Work to complete:
Copy verbatim the block of lines in the entries below whose first line contains "notNonPosInt d ->" and whose last line contains "((a + 1) * (b + 1) / (2". Leave out all other lines.

● ● ● ● ●

Lemma F32_recurrence (a b c d : C) :
  notNonPosInt d -> notNonPosInt (2 * c)%C -> 0 < Re (d + c - a - b - 1) ->
  (F32 (a + 1) b c d (2 * c)
   = F32 a b c d (2 * c) + b / (2 * d) *
       ((a + 1) * (b + 1) / (2 * (d + 1) * (2 * c + 1))
          * F32 (a + 1 + 1) (b + 1 + 1) (c + 1) (d + 1 + 1) (2 * (c + 1))
        + F32 (a + 1) (b + 1) c (d + 1) (2 * c)))%C.
Proof.
  intros Hd Hc Hs.
  assert (Hc0 : c <> 0%C) by (intro E; apply (notNonPosInt_neq0 _ Hc); rewrite E; in_C; ring).
  rewrite F32_contiguous_a, F32_contiguous_c;
    try (apply notNonPosInt_succ; assumption); try assumption;
    try (unfold Re in *; simpl in *; lra).
  in_C; field; repeat split; auto using notNonPosInt_neq0, notNonPosInt_succ.
Qed.
Lemma Vcap_iterV {m c n x} : (n + m <= c)%N -> tail b V n x -> Vcap m (iter c b x).
Proof.
move=> nmc Hx k /= km; split.
- by apply: (tail_iter_head baK Hx); lia.
- by apply: (tail_iter c Hx) => /=; lia.
Qed.

Hypothesis V_cap : tail b V 0 `&` tail a V 0 `<=` [set one].

Lemma Vcap_nbhs1 U : open U -> U one -> exists m, Vcap m `<=` U.
Proof.
move=> oU U1; apply: compact_decreasing_closed_sub => //.
- have V_closed : closed V.
    by case: V_normal => V_sub _; exact: open_subgroup_closed.
  move=> m; apply: closed_bigI => k _.
  by apply: closedI; apply: preimage_closed => // x _; exact: iter_continuous.
- by move=> n m nm x Cx k km; apply: Cx; exact: leq_trans km nm.
- move=> x Cx; suff -> : x = one by [].
  by apply: V_cap; split => k _; have [] := Cx k I k (leqnn k).
Qed.

Section SplitFromCover.
Context {n0 : nat}.
Hypothesis W_setT : W n0 = [set: T].

Lemma tail_split_l m {u} : tail b V n0 u ->
  exists s y, [/\ Vcap m s, tail b V n0 y, tail a V (n0 + (n0 + m)) y & u = mul s y].
Proof.
move=> Hu; set c := (n0 + m)%N.
have [p [q [Hp Lq e]]] : W n0 (iter c a u) by rewrite W_setT.
have eu : u = mul (iter c b p) (iter c b q).
  by rewrite -(iter_morph b_morph) -e iter_can.
have [[_ HM HV] _] := tail_normal n0 b_morph.
exists (iter c b p), (iter c b q); split => //.
- exact: Vcap_iterV (leqnn c) Hp.
- have -> : iter c b q = mul (inv (iter c b p)) u by rewrite eu mulKg.
  apply: HM Hu; apply: HV; apply: tail_mono _ _ (tail_iter c Hp); lia.
- exact: (tail_iterV c baK Lq).
Qed.

Lemma tail_split_r m {v} : tail a V n0 v ->
  exists y t, [/\ Vcap m t, tail b V (n0 + (n0 + m)) y, tail a V n0 y & v = mul y t].
Proof.
move=> Lv; set c := (n0 + m)%N.
have [p [q [Hp Lq e]]] : W n0 (iter c b v) by rewrite W_setT.
have ev : v = mul (iter c a p) (iter c a q).
  by rewrite -(iter_morph a_morph) -e iter_can.
have [[_ LM LV] _] := tail_normal n0 a_morph.
exists (iter c a p), (iter c a q); split => //.
- exact: Vcap_iter (leqnn c) Lq.
- exact: (tail_iterV c abK Hp).
- have -> : iter c a p = mul v (inv (iter c a q)) by rewrite ev mulgK.
  apply: LM Lv _; apply: LV; apply: tail_mono _ _ (tail_iter c Lq); lia.
Qed.

Lemma Vcap_factor m g : exists s t h, [/\ Vcap m s, Vcap m t,
  exists N, tail b V N h /\ tail a V N h & g = mul s (mul h t)].
Proof.
have [u [v [Hu Lv ->]]] : W n0 g by rewrite W_setT.
have [s [y [Cs Hy Ly ->]]] := tail_split_l m Hu.
have [y' [t [Ct Hy' Ly' ->]]] := tail_split_r m Lv.
exists s, t, (mul y y'); split => //; last by rewrite -!mulgA.
have [[_ HM _] _] := tail_normal (n0 + (n0 + m)) b_morph.
have [[_ LM _] _] := tail_normal (n0 + (n0 + m)) a_morph.
exists (n0 + (n0 + m))%N; split.
- by apply: HM Hy'; apply: tail_mono _ _ Hy; lia.
- by apply: LM Ly _; apply: tail_mono _ _ Ly'; lia.
Qed.

End SplitFromCover.

Lemma dense_bigcup_tailI :
  dense (\bigcup_(n in [set: nat]) (tail b V n `&` tail a V n)).
Proof.
move=> O [g Og] oO.
have [n0 Wn0] := exists_W_setT.
have [m Cm] : exists m, Vcap m `<=` mul^~ g @^-1` O.
  apply: Vcap_nbhs1; last by rewrite /= mul1g.
  by apply: open_comp => // x _; exact: continuous_mulr.
have [s [t [h [Cs Ct [N NH] eg]]]] := Vcap_factor Wn0 m g.
exists h; split; last by exists N.
have eh : h = mul (mul (inv s) g) (inv t) by rewrite eg mulKg mulgK.
have [[_ CM CV] Cconj] := Vcap_normal m.
have /Cm : Vcap m (mul h (inv g)).
  have -> : mul h (inv g) = mul (inv s) (mul (mul g (inv t)) (inv g)).
    by rewrite eh -!mulgA.
  by apply: CM; [exact: CV|apply: Cconj; exact: CV].
by rewrite /= -mulgA mulVg mulg1.
Qed.

End Automorphism.
End GroupTheory.

Lemma apow_Vminus {T : topologicalType} (alpha : T -> T) (V : set T) n :
  apow alpha (- Posz n)%R (Vminus alpha V) = tail alpha V n.
Proof.
have apowN k A : apow alpha (- Posz k)%R A = iter k alpha @^-1` A.
  by case: k => [|k]; [rewrite GRing.oppr0 /= image_id|rewrite -NegzE].
apply/seteqP; split => x; rewrite apowN => Lx k.
- move=> /= nk; rewrite -(subnK nk) iterD.
  by have := Lx (k - n)%N I; rewrite apowN.
- by move=> _; rewrite apowN /= -iterD; apply: Lx => /=; lia.
Qed.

● ● ● ● ●

Expected output:
  notNonPosInt d -> notNonPosInt (2 * c)%C -> 0 < Re (d + c - a - b - 1) ->
  (F32 (a + 1) b c d (2 * c)
   = F32 a b c d (2 * c) + b / (2 * d) *
       ((a + 1) * (b + 1) / (2 * (d + 1) * (2 * c + 1))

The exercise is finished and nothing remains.